No. And that’s another reason why we formed Black Theatre United, because there is no rulebook for theater. There are so many musical theater programs in universities, and they teach these young artists how to be great artists, how to be great performers, but they don’t teach them that this is a business.

It’s not just how good you are. It’s learning about money, learning how to save your money, learning what to ask for, knowing your value, knowing percentages. There’s this whole notion that’s been around for years, that we shouldn’t talk numbers. I’m completely against that. One of the things we should do is share numbers so that we will all know what we’re worth and what the value is.

So that one person that could be making five grand is only being told that they’re worth one grand. You take the job because you’re so excited to have a job, but you’re undervaluing yourself. Whereas a White counterpart may be making five grand from the beginning.

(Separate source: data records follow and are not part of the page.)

Lemma dot_Lagrange y z :
  (dot y y * dot z z - dot y z ^+ 2) *+ 2 =
  \sum_(i < n) \sum_(j < n) (y i * z j - y j * z i) ^+ 2.
Proof.
have yy_zz : dot y y * dot z z = \sum_(i < n) \sum_(j < n) y i ^+ 2 * z j ^+ 2.
  by rewrite big_distrlr; apply: eq_bigr => i _; apply: eq_bigr => j _; rewrite !expr2.
have yy_zz_swap : dot y y * dot z z = \sum_(i < n) \sum_(j < n) y j ^+ 2 * z i ^+ 2.
  rewrite [LHS]mulrC big_distrlr; apply: eq_bigr => i _; apply: eq_bigr => j _.
  by rewrite /= !expr2 mulrC.
have yz_sqr : dot y z ^+ 2 = \sum_(i < n) \sum_(j < n) (y i * z i) * (y j * z j).
  by rewrite expr2 big_distrlr.
rewrite mulr2n {1}yy_zz yy_zz_swap yz_sqr -!sumrB -big_split /=; apply: eq_bigr => i _.
by rewrite -!sumrB -big_split /=; apply: eq_bigr => j _; ring.
Qed.

Lemma dot_CauchySchwarz y z : dot y z ^+ 2 <= dot y y * dot z z.
Proof.
rewrite -subr_ge0 -(pmulrn_lge0 _ (isT : (0 < 2)%N)) dot_Lagrange.
by do 2!apply: sumr_ge0 => ? _; rewrite sqr_ge0.
Qed.
End dot.

Section dot_derivative.
Variables (R : realType) (n : nat).

Lemma is_derive_dot (f g : R -> 'I_n -> R) (df dg : 'I_n -> R) (t : R) :
  (forall k, is_derive t 1 (f ^~ k) (df k)) ->
  (forall k, is_derive t 1 (g ^~ k) (dg k)) ->
  is_derive t 1 (fun r => dot (f r) (g r)) (dot (f t) dg + dot df (g t)).
Proof.
move=> f' g'; have := is_derive_sum (fun k => is_deriveM (f' k) (g' k)).
have -> : \sum_(k < n) (f ^~ k * g ^~ k) = (fun r => dot (f r) (g r)).
  by apply/funext => r; rewrite /dot fct_sumE.
move/is_derive_eq; apply.
by rewrite /dot -big_split; apply: eq_bigr => k _; rewrite /= [df k * _]mulrC.
Qed.

Lemma is_derive_dotl (x : 'I_n -> R) (g : R -> 'I_n -> R) (dg : 'I_n -> R) (t : R) :
  (forall k, is_derive t 1 (g ^~ k) (dg k)) ->
  is_derive t 1 (fun r => dot x (g r)) (dot x dg).
Proof.
move=> g'; have := is_derive_dot (fun k => is_derive_cst (x k) t 1) g'.
move/is_derive_eq; apply.
by rewrite [X in _ + X]big1 ?addr0 // => k _; rewrite mul0r.
Qed.

Lemma cvg_dot (T : Type) (F : set_system T) (FF : Filter F)
    (f g : T -> 'I_n -> R) (f0 g0 : 'I_n -> R) :
  (forall k, f r k @[r --> F] --> f0 k) -> (forall k, g r k @[r --> F] --> g0 k) ->
  dot (f r) (g r) @[r --> F] --> dot f0 g0.
Proof.
move=> fF gF; apply: cvg_big => [|k _]; first exact: add_continuous.
exact: cvgM.
Qed.

End dot_derivative.

Section damped_energy.
Variables (R : realType) (n : nat) (A B c : R) (x : 'I_n -> R) (w v : R -> 'I_n -> R).

Definition damped_energy (r : R) : R :=
  dot (v r) (v r) + A * dot (w r) (w r) + B * dot x (w r) ^+ 2.

Lemma is_derive_damped_energy (t : R) (acc : 'I_n -> R) :
  (forall k, is_derive t 1 (w ^~ k) (v t k)) ->
  (forall k, is_derive t 1 (v ^~ k) (acc k)) ->
  (forall k, acc k + A * w t k + B * x k * dot x (w t) + c * v t k = 0) ->
  is_derive t 1 damped_energy (- (c * dot (v t) (v t)) *+ 2).
Proof.
move=> w' v' eq_motion.
have := is_deriveD (is_deriveD (is_derive_dot v' v') (is_deriveZ A (is_derive_dot w' w')))
  (is_deriveZ B (is_deriveX 2 (is_derive_dotl x w'))).
move/is_derive_eq; apply.
set S := dot x (w t) in eq_motion *; clearbody S.
rewrite /GRing.scale /= expr1 (dotC acc) (dotC (v t) (w t)).
apply/eqP; rewrite -subr_eq0; apply/eqP.
(* E' + 2c|v|^2 is the sum over k of 2 v_k times the k-th equation of motion. *)
transitivity (\sum_(k < n) (v t k * (acc k + A * w t k + B * x k * S + c * v t k)) *+ 2).
  rewrite /dot !mulrDr !mulr_sumr -sumrN -!sumrMnl -!big_split -sumrB /=.
  by apply: eq_bigr => k _; ring.
by rewrite big1 // => k _; rewrite eq_motion mulr0 mul0rn.
Qed.

Lemma damped_energy_ge (r : R) (k : 'I_n) : 0 <= A -> 0 <= B ->
  v r k ^+ 2 + A * w r k ^+ 2 <= damped_energy r.
Proof.
move=> A0 B0; rewrite /damped_energy -addrA lerD ?sqr_le_dot //.
by rewrite -[leLHS]addr0 lerD ?ler_wpM2l ?sqr_le_dot // mulr_ge0 ?sqr_ge0.
Qed.

Lemma damped_energy_le (r : R) : 0 <= B ->
  damped_energy r <= dot (v r) (v r) + (A + B * dot x x) * dot (w r) (w r).
Proof.
move=> B0; rewrite /damped_energy -addrA lerD // mulrDl lerD // -mulrA.
by rewrite ler_wpM2l // dot_CauchySchwarz.
Qed.

Hypothesis c_ge0 : 0 <= c.
Hypothesis w_cvg0 : forall k, w r k @[r --> 0^'+] --> w 0 k.
Hypothesis v_cvg0 : forall k, v r k @[r --> 0^'+] --> v 0 k.
Hypothesis motion : forall t : R, 0 < t -> exists acc : 'I_n -> R,
  [/\ forall k, is_derive t 1 (w ^~ k) (v t k),
      forall k, is_derive t 1 (v ^~ k) (acc k) &
      forall k, acc k + A * w t k + B * x k * dot x (w t) + c * v t k = 0].

Lemma damped_energy_cvg0 : damped_energy r @[r --> 0^'+] --> damped_energy 0.
Proof.
rewrite /damped_energy; apply: cvgD; first apply: cvgD; first exact: cvg_dot.
- by apply: cvgMr; exact: cvg_dot.
- by apply: cvgMr; rewrite expr2; apply: cvgM; apply: cvg_dot => // k; exact: cvg_cst.
Qed.

Lemma damped_energy_nonincreasing (t : R) : 0 <= t -> damped_energy t <= damped_energy 0.
Proof.
have derive_le0 (r : R) : 0 < r -> exists2 d, is_derive r 1 damped_energy d & d <= 0.
  move=> r0; have [acc [w' v' eq_motion]] := motion r0.
  exists (- (c * dot (v r) (v r)) *+ 2); first exact: is_derive_damped_energy.
  by rewrite mulNrn oppr_le0 mulrn_wge0 // mulr_ge0 // dot_ge0.
have derivable_energy (r : R) : r \in `]0, +oo[ -> derivable damped_energy r 1.
  by rewrite in_itv /= andbT => /derive_le0 [d []].
move=> t0; apply: (ler0_derive1_nincry derivable_energy _ _ (lexx 0) t0).
- move=> r; rewrite in_itv /= andbT => /derive_le0 [d d' d0].
  by rewrite derive1E derive_val.
- exact/derivable_oy_Rcontinuous_within_itvcy/(conj derivable_energy damped_energy_cvg0).
Qed.

End damped_energy.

I saw you back in 1990 in Once on This Island. If we were going to speak five years from now, will there still be a Broadway? What do you think it’s going to look like?
Oh, definitely. I think it will be a Broadway that is the most inclusive representation of where we are today. When I first got started in the business, my heroes were Stephen Sondheim, Gershwin, Rodgers and Hammerstein. These were the artists that I had been studying. I think the generations ahead of us are going to be studying Lin-Manuel Miranda. They’re going to be studying Lynn Nottage. They’ll be studying Jeremy O. Harris, studying artists that are making statements today that the younger generations will grow and thrive off of.

Why does Broadway matter? Whenever there are dark times in New York, after 9/11—which touched so many people, and I know touched you personally—after the economic downturn, and now with the pandemic, there’s always this “Broadway’s back, we’re going back to the theater!” Why is convening in a live space watching live performance so important?
Because the exchange that live performers have with a live audience is visceral. It reminds us of why we’re alive. There’s nothing like sitting in a theater and having incredible performers in front of you, performing at the height of their talent and having that intrinsic exchange with the audience. It reminds us that we’re human beings and that we all can connect. Even in this room with maybe a thousand people, we’re all emotionally connecting and sharing this space with this incredible story that’s being told, which is reflecting our lives.

And when it’s not there, there’s such a loss. There’s such a feeling of emptiness. We need theater. We’ve always needed stories, even way back in the early days of Africa where theater got started, when people would sit around in a circle and have people stand in the front and act out experiences. We’ve always needed stories, and the spectacle of it today on Broadway is something that we can really use right now, especially after a year of being in lockdown.